FlexFabric products offer a single network architecture for the data center, campus and branch offices. When it bought Plexxi in 2018, HPE said it would integrate Plexxi technology into its hyperconverged offering, which is in part the technology HPE got from buying SimpliVity for $650 million last year. SimpliVity’s management software helps administrators control data-center resources and make more efficient use of hyperconverged server, storage and networking resources.

For its part Aruba said it sees little confusion. “Our go-forward product strategy is to standardize on the AOS-CX operating system, which is why we’ve put so much focus and R&D on its development in order to deliver a common, unified switching platform from the enterprise edge to the data center... Plexxi is now the HPE Composable Fabric, a software-driven, automated, and workload intent-based network fabric that is used for the HPE Simplivity hyperconverged platform, and is complementary to the Aruba CX switching portfolio.”

The software and switches are the underpinning for future Aruba data center and campus plans.

The company said its HPE FlexFabric switch family, based on the Comware OS, is independent, and that Aruba will continue to support it for installed-base customers.
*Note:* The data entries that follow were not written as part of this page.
Definition unit_deg (i : 'I_n) : deg n := fun k => (i == k) : nat.

Lemma homog_gen i : homog (unit_deg i) (gen F i).
Proof.
move=> w; rewrite /gen; have [-> _ k | _] := eqVneq w [:: i]; last by rewrite eqxx.
by rewrite /= addn0.
Qed.

Lemma homog_letter d a x : homog d a -> a [:: x] != 0 -> d = unit_deg x.
Proof.
by move=> Ha ax; apply: functional_extensionality => i; rewrite -(Ha _ ax i) /= addn0.
Qed.

Lemma pdeg_unit_deg i j : pdeg p (unit_deg i) (unit_deg j) = p i j.
Proof.
rewrite /pdeg (bigD1 i) //= [X in _ * X]big1 => [|k ki]; last first.
  by apply: big1 => l _; rewrite /unit_deg eq_sym (negbTE ki) mul0n expr0.
rewrite (bigD1 j) //= big1 => [|l lj]; last by rewrite /unit_deg eq_sym (negbTE lj) muln0.
by rewrite /unit_deg !eqxx expr1 !mulr1.
Qed.

Lemma pdeg_letters d e a b x y : homog d a -> homog e b ->
  pdeg p d e * (a [:: x] * b [:: y]) = p x y * (a [:: x] * b [:: y]).
Proof.
move=> Ha Hb; have [->|ax] := eqVneq (a [:: x]) 0; first by rewrite !(mul0r, mulr0).
have [->|by_] := eqVneq (b [:: y]) 0; first by rewrite !mulr0.
by rewrite (homog_letter Ha ax) (homog_letter Hb by_) pdeg_unit_deg.
Qed.

Lemma pdeg_letters_swap d e a b x y : homog d a -> homog e b ->
  pdeg p e d * (a [:: x] * b [:: y]) = p y x * (a [:: x] * b [:: y]).
Proof. by move=> Ha Hb; rewrite !(mulrC (a _)) (pdeg_letters _ _ Hb Ha). Qed.

Lemma braided_brE d e a b : braided_br p d e a b = twist_br 1 (pdeg p d e) a b.
Proof.
by apply: functional_extensionality => w; rewrite /braided_br /tsub /tadd /tscale /twist_br; ring.
Qed.

Lemma lieL_brE d e a b : lieL_br p d e a b = twist_br (pdeg p e d) (pdeg p d e) a b.
Proof.
by apply: functional_extensionality => w; rewrite /lieL_br /tsub /tadd /tscale /twist_br; ring.
Qed.

Lemma comm_brE a b : comm_br a b = twist_br 1 1 a b.
Proof.
by apply: functional_extensionality => w; rewrite /comm_br /tsub /tadd /tscale /twist_br; ring.
Qed.

Definition sign_braiding :=
  (forall i, p i i ^+ 2 = 1) /\ (forall i j, i != j -> p i j = 1 /\ p j i = 1).

Lemma sign_braiding_mul : sign_braiding -> forall x y, p x y * p y x = 1.
Proof.
case=> diag offdiag x y; have [<-|xy] := eqVneq x y; first by rewrite -expr2.
by have [-> ->] := offdiag _ _ xy; rewrite mulr1.
Qed.

Section SignBraiding.
Hypothesis sign_p : sign_braiding.

Lemma Vsp_braided_br d e a b : homog d a -> homog e b ->
  Vsp p a -> Vsp p b -> Vsp p (braided_br p d e a b).
Proof.
move=> Ha Hb Va Vb; rewrite braided_brE.
apply/nichols_ideal_Vsp/nichols_ideal_twist_br => // x y.
rewrite /sym2 !(pdeg_letters _ _ Ha Hb).
transitivity (a [:: x] * b [:: y] * (1 - p x y * p y x)); first by ring.
by rewrite sign_braiding_mul // subrr mulr0.
Qed.

Lemma Vsp_lieL_br d e a b : homog d a -> homog e b ->
  Vsp p a -> Vsp p b -> Vsp p (lieL_br p d e a b).
Proof.
move=> Ha Hb Va Vb; rewrite lieL_brE.
apply/nichols_ideal_Vsp/nichols_ideal_twist_br => // x y.
rewrite /sym2 !(pdeg_letters _ _ Ha Hb) !(pdeg_letters_swap _ _ Ha Hb).
have [<-|xy] := eqVneq x y; first by ring.
by have [-> ->] := sign_p.2 _ _ xy; ring.
Qed.

Lemma Vsp_comm_br a b : Vsp p a -> Vsp p b -> Vsp p (comm_br a b).
Proof.
move=> Va Vb; rewrite comm_brE; apply/nichols_ideal_Vsp/nichols_ideal_twist_br => // x y.
rewrite /sym2; have [<-|xy] := eqVneq x y; first by ring.
by have [_ ->] := sign_p.2 _ _ xy; ring.
Qed.

Lemma LV_Vsp u : LV p u <-> Vsp p u.
Proof.
split=> [Hu | Vu P HP HV _]; last exact: (Vsp_min HP HV Vu).
apply: Hu => [||d e a b Ha Hb]; [exact: Vsp_subspace | exact: Vsp_V |].
exact: Vsp_braided_br.
Qed.

Lemma LV_L_Vsp u : LV_L p u <-> Vsp p u.
Proof.
split=> [Hu | Vu P HP HV _]; last exact: (Vsp_min HP HV Vu).
apply: Hu => [||d e a b Ha Hb]; [exact: Vsp_subspace | exact: Vsp_V |].
exact: Vsp_lieL_br.
Qed.

Lemma LV_minus_Vsp u : LV_minus p u <-> Vsp p u.
Proof.
split=> [Hu | Vu P HP HV _]; last exact: (Vsp_min HP HV Vu).
by apply: Hu; [exact: Vsp_subspace | exact: Vsp_V | exact: Vsp_comm_br].
Qed.

End SignBraiding.

End Brackets.

(** * Degree-two obstructions *)

Section Degree2.
Variables (F : fieldType) (n : nat) (p : 'I_n -> 'I_n -> F).
Local Notation tens := (tens F n).
Implicit Types (u a b : tens).

(* u has no constant term and its degree-two component lies in
   span{c1 i j x_i x_j - c2 i j x_j x_i} + ker S_2. *)
Definition deg2_span (c1 c2 : 'I_n -> 'I_n -> F) u :=
  u [::] = 0 /\ exists lam : 'I_n -> 'I_n -> F, forall x y,
    sym2 p (fun x y => u [:: x; y] - (lam x y * c1 x y - lam y x * c2 y x)) x y = 0.

Lemma deg2_span_subspace (c1 c2 : 'I_n -> 'I_n -> F) : subspaceB p (deg2_span c1 c2).
Proof.
split.
- by split=> //; exists (fun _ _ => 0) => x y; rewrite /sym2 /tzero; ring.
- move=> u v [u0 [lu Hu]] [v0 [lv Hv]]; split; first by rewrite /tadd u0 v0 addr0.
  exists (fun i j => lu i j + lv i j) => x y; rewrite /tadd.
  by rewrite -[RHS](addr0 0) -{1}(Hu x y) -(Hv x y) /sym2; ring.
- move=> k u [u0 [lu Hu]]; split; first by rewrite /tscale u0 mulr0.
  exists (fun i j => k * lu i j) => x y; rewrite /tscale.
  by rewrite -[RHS](mulr0 k) -(Hu x y) /sym2; ring.
- move=> u /nichols_idealE[_ Hu]; split; first by rewrite -(qsym_nil p) Hu.
  by exists (fun _ _ => 0) => x y; rewrite /sym2 !mul0r !subr0 -qsym_pair Hu.
Qed.

Lemma deg2_span_V (c1 c2 : 'I_n -> 'I_n -> F) : contains_V (deg2_span c1 c2).
Proof.
move=> i; split=> //; exists (fun _ _ => 0) => x y.
by rewrite /sym2 /gen !eqseq_cons !andbF; ring.
Qed.

Lemma deg2_span_twist_br (c1 c2 : 'I_n -> 'I_n -> F) k1 k2 a b : a [::] = 0 -> b [::] = 0 ->
  (forall x y, k1 * (a [:: x] * b [:: y]) - k2 * (a [:: y] * b [:: x]) =
               c1 x y * (a [:: x] * b [:: y]) - c2 y x * (a [:: y] * b [:: x])) ->
  deg2_span c1 c2 (twist_br k1 k2 a b).
Proof.
move=> a0 b0 Hk; split; first by rewrite /twist_br !tmul_nil a0 b0 !(mul0r, mulr0) subr0.
exists (fun x y => a [:: x] * b [:: y]) => x y.
have r0 x' y' : twist_br k1 k2 a b [:: x'; y'] -
    (a [:: x'] * b [:: y'] * c1 x' y' - a [:: y'] * b [:: x'] * c2 y' x') = 0.
  rewrite /twist_br !tmul_pair a0 b0 !(mul0r, mulr0, add0r, addr0) (mulrC (b _)) Hk.
  by ring.
by rewrite /sym2 !r0 mulr0 addr0.
Qed.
“The role of the network has changed from being purely a conduit from Point A to Point B to now providing intelligence that provides true application and business value right at the point where the data is born. That is why we see the emergence of intelligent edge, a very, very big opportunity for us and really the next evolution of the architecture of the enterprise itself,” said Keerti Melkote, HPE's President, Intelligent Edge in a recent interview with Network World.
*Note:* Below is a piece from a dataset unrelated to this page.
(* In the standing setting, suppose $F_*$ has negative curvature (with respect to $K^*$). Let $\mu>0$, $\beta\le\frac1{25}$, $y\in\mathcal N(\mu,\beta)$, and assume $\bar\alpha=\bar\alpha(y)<\infty$. Then for all $$\alpha\in\Big[0,\tfrac16\min\Big\{1,\tfrac1{\|v(y)\|_y}\Big\}\Big]$$ we have $\Gamma_\mu(y,\alpha)\le\frac16$, where $$\Gamma_\mu(y,\alpha)=\big(1+\alpha\,\sigma_{s(y)}(-A^*v(y))\big)\,\Big\|\nabla f(y+\alpha v(y))-\frac{\xi_{\bar\alpha}(\alpha)}{\mu}b\Big\|_y,\qquad \xi_{\bar\alpha}(\alpha)=1+\frac{\alpha\bar\alpha}{\bar\alpha-\alpha}.$$
   Context: Standing setting: $\mathbb E,\mathbb H$ finite-dimensional real spaces with duals, pairing $\langle\cdot,\cdot\rangle$; $K\subset\mathbb E$ a regular cone with dual cone $K^*$; $F$ a $\nu$-normal barrier for $K$ and $F_*(s)=\max_{x\in\operatorname{int}K}\{-\langle s,x\rangle-F(x)\}$ its dual barrier ($\nu$-normal for $K^*$). $A:\mathbb E\to\mathbb H^*$ linear, $c\in\mathbb E^*$, $b\in\mathbb H^*$; the problems $\min\{\langle c,x\rangle:Ax=b,x\in K\}$ and $\max\{\langle b,y\rangle:s+A^*y=c,s\in K^*\}$ are strictly feasible. $s(y)=c-A^*y$, $Q=\{y:s(y)\in K^*\}$, $f(y)=F_*(s(y))$, $v(y)=[\nabla^2f(y)]^{-1}\nabla f(y)$, $\bar\alpha(y)=\sup\{\alpha\ge0:y+\alpha v(y)\in Q\}$. For $y\in\operatorname{int}Q$: $\|u\|_y=\langle\nabla^2f(y)u,u\rangle^{1/2}$ ($u\in\mathbb H$), $\|g\|_y=\langle g,[\nabla^2f(y)]^{-1}g\rangle^{1/2}$ ($g\in\mathbb H^*$). $\mathcal N(\mu,\beta)=\{y\in\operatorname{int}Q:\|\nabla f(y)-\mu^{-1}b\|_y\le\beta\}$. For $s\in\operatorname{int}K^*$ and $h\in\mathbb E^*$, $\sigma_s(h)=\min\{\rho\ge0:\rho s-h\in K^*\}$. $F_*$ has negative curvature if $D^3F_*(s)[h,u,u]\le0$ for all $s\in\operatorname{int}K^*$, $h\in K^*$, $u\in\mathbb E^*$. *)

From Stdlib Require Import Reals ClassicalEpsilon.
From mathcomp Require Import ssreflect ssrfun ssrbool eqtype ssrnat seq fintype bigop.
“The next set of applications are coming directly from the cloud, whether it is SaaS applications like Office 365 and Salesforce.com or whether it’s enterprise apps like SAP being delivered from the cloud. The intelligent-edge vision that we have in this edge-to-cloud framework will include a data-center capability that we will  call a micro data center that will be deployed at that point where the data gets created.”

The CX Switching Portfolio, including the Aruba CX 6300 and CX 6400 Series switches, the new version of AOS-CX and Aruba NetEdit 2.0 will begin shipping in November. List pricing for the Aruba CX 6300 and CX 6400 Series starts at $5,899 and $13,499, respectively.